INSTRUCTIONS TO FOLLOW
Which lines of the entries below run from the one holding "comp h (r *: f" to the one holding "(forall i j (u", inclusive? Set down exactly those lines and no others.

DATA FOR REVIEW
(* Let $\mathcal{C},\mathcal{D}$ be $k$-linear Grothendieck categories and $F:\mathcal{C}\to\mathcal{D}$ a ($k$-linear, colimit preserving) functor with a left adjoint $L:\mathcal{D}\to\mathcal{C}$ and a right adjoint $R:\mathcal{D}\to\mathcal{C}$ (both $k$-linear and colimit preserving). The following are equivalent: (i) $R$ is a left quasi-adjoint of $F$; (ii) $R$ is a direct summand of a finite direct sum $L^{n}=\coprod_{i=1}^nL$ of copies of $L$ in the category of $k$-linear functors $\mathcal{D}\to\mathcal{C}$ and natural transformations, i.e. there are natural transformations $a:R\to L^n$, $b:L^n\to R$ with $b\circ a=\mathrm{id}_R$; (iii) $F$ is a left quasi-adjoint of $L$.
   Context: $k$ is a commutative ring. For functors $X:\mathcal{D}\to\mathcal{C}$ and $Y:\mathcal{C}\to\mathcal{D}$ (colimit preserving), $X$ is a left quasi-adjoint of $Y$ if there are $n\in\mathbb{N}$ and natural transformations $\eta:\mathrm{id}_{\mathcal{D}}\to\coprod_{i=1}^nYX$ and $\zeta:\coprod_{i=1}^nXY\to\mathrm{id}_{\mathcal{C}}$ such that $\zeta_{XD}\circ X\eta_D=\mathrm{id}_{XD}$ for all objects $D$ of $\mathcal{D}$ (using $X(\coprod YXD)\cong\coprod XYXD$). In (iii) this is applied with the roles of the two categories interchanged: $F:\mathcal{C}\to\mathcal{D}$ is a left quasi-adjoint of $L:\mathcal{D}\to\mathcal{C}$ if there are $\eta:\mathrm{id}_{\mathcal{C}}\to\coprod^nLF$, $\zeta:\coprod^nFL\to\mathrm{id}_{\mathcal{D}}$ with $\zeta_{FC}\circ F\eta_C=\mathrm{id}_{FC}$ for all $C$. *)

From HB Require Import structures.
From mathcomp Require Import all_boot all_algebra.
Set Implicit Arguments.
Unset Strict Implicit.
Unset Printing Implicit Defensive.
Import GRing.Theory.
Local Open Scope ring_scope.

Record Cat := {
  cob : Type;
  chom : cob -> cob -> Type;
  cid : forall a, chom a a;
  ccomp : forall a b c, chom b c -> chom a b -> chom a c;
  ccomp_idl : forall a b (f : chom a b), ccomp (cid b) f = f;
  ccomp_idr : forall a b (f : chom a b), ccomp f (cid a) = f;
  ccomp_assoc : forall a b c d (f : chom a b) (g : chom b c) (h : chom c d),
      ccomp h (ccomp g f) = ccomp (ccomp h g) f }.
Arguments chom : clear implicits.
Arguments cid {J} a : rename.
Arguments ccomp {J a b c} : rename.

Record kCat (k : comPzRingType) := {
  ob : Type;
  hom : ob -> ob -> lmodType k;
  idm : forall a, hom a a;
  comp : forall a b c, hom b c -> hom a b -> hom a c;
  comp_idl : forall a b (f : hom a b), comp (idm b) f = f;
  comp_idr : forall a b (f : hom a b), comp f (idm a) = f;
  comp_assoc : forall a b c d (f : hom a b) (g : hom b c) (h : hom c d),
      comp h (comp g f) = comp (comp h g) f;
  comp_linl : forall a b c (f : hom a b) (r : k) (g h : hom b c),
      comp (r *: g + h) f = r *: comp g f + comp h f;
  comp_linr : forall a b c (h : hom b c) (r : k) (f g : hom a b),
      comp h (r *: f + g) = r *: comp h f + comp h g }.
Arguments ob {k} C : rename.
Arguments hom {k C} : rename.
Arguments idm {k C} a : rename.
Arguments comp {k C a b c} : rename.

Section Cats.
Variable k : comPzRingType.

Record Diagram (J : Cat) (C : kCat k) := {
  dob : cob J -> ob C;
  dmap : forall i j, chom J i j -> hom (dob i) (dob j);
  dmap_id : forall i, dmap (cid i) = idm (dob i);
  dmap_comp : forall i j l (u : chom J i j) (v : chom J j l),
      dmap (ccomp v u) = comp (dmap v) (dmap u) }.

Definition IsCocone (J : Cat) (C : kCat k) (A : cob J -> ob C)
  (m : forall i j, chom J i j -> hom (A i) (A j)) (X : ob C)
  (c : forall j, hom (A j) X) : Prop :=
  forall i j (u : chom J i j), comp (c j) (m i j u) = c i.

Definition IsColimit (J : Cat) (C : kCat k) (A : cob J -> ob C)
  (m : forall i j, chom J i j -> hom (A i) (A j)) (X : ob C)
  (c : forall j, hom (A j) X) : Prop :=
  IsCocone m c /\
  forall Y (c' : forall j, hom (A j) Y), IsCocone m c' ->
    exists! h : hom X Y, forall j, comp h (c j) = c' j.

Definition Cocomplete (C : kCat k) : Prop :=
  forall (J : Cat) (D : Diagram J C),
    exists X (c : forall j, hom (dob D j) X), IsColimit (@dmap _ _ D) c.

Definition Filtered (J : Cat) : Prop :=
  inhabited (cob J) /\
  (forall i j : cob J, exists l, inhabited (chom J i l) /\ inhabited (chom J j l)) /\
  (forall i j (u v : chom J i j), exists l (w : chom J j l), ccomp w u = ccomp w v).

--

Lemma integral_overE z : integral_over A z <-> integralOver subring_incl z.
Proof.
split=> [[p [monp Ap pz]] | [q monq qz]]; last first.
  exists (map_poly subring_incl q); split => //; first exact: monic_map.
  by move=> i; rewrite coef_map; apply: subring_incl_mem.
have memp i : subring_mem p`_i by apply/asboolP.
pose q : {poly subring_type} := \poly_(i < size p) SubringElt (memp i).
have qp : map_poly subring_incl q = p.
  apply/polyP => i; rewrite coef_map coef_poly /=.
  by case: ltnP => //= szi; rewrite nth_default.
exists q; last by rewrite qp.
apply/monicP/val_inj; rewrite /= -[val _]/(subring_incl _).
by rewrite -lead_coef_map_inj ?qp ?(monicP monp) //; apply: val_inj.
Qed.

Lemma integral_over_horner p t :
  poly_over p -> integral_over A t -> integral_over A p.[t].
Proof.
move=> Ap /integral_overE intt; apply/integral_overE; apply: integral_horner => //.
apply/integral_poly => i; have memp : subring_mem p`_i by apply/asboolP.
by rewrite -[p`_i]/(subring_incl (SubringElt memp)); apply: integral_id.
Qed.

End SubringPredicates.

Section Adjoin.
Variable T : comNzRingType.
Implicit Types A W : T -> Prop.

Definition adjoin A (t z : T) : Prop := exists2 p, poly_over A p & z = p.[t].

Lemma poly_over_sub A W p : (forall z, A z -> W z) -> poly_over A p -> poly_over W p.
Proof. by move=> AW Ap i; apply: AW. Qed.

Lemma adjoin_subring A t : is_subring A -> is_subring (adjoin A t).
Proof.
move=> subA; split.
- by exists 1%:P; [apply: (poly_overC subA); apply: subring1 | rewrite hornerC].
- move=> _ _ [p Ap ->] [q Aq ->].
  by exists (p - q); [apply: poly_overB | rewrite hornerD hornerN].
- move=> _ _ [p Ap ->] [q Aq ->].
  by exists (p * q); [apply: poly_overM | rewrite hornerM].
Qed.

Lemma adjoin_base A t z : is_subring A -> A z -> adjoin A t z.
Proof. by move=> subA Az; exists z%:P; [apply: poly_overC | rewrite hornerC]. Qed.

ANSWER BOX
      comp h (r *: f + g) = r *: comp h f + comp h g }.
Arguments ob {k} C : rename.
Arguments hom {k C} : rename.
Arguments idm {k C} a : rename.
Arguments comp {k C a b c} : rename.

Section Cats.
Variable k : comPzRingType.

Record Diagram (J : Cat) (C : kCat k) := {
  dob : cob J -> ob C;
  dmap : forall i j, chom J i j -> hom (dob i) (dob j);
  dmap_id : forall i, dmap (cid i) = idm (dob i);
  dmap_comp : forall i j l (u : chom J i j) (v : chom J j l),
      dmap (ccomp v u) = comp (dmap v) (dmap u) }.

Definition IsCocone (J : Cat) (C : kCat k) (A : cob J -> ob C)
  (m : forall i j, chom J i j -> hom (A i) (A j)) (X : ob C)
  (c : forall j, hom (A j) X) : Prop :=
  forall i j (u : chom J i j), comp (c j) (m i j u) = c i.

Definition IsColimit (J : Cat) (C : kCat k) (A : cob J -> ob C)
  (m : forall i j, chom J i j -> hom (A i) (A j)) (X : ob C)
  (c : forall j, hom (A j) X) : Prop :=
  IsCocone m c /\
  forall Y (c' : forall j, hom (A j) Y), IsCocone m c' ->
    exists! h : hom X Y, forall j, comp h (c j) = c' j.

Definition Cocomplete (C : kCat k) : Prop :=
  forall (J : Cat) (D : Diagram J C),
    exists X (c : forall j, hom (dob D j) X), IsColimit (@dmap _ _ D) c.

Definition Filtered (J : Cat) : Prop :=
  inhabited (cob J) /\
  (forall i j : cob J, exists l, inhabited (chom J i l) /\ inhabited (chom J j l)) /\
  (forall i j (u v : chom J i j), exists l (w : chom J j l), ccomp w u = ccomp w v).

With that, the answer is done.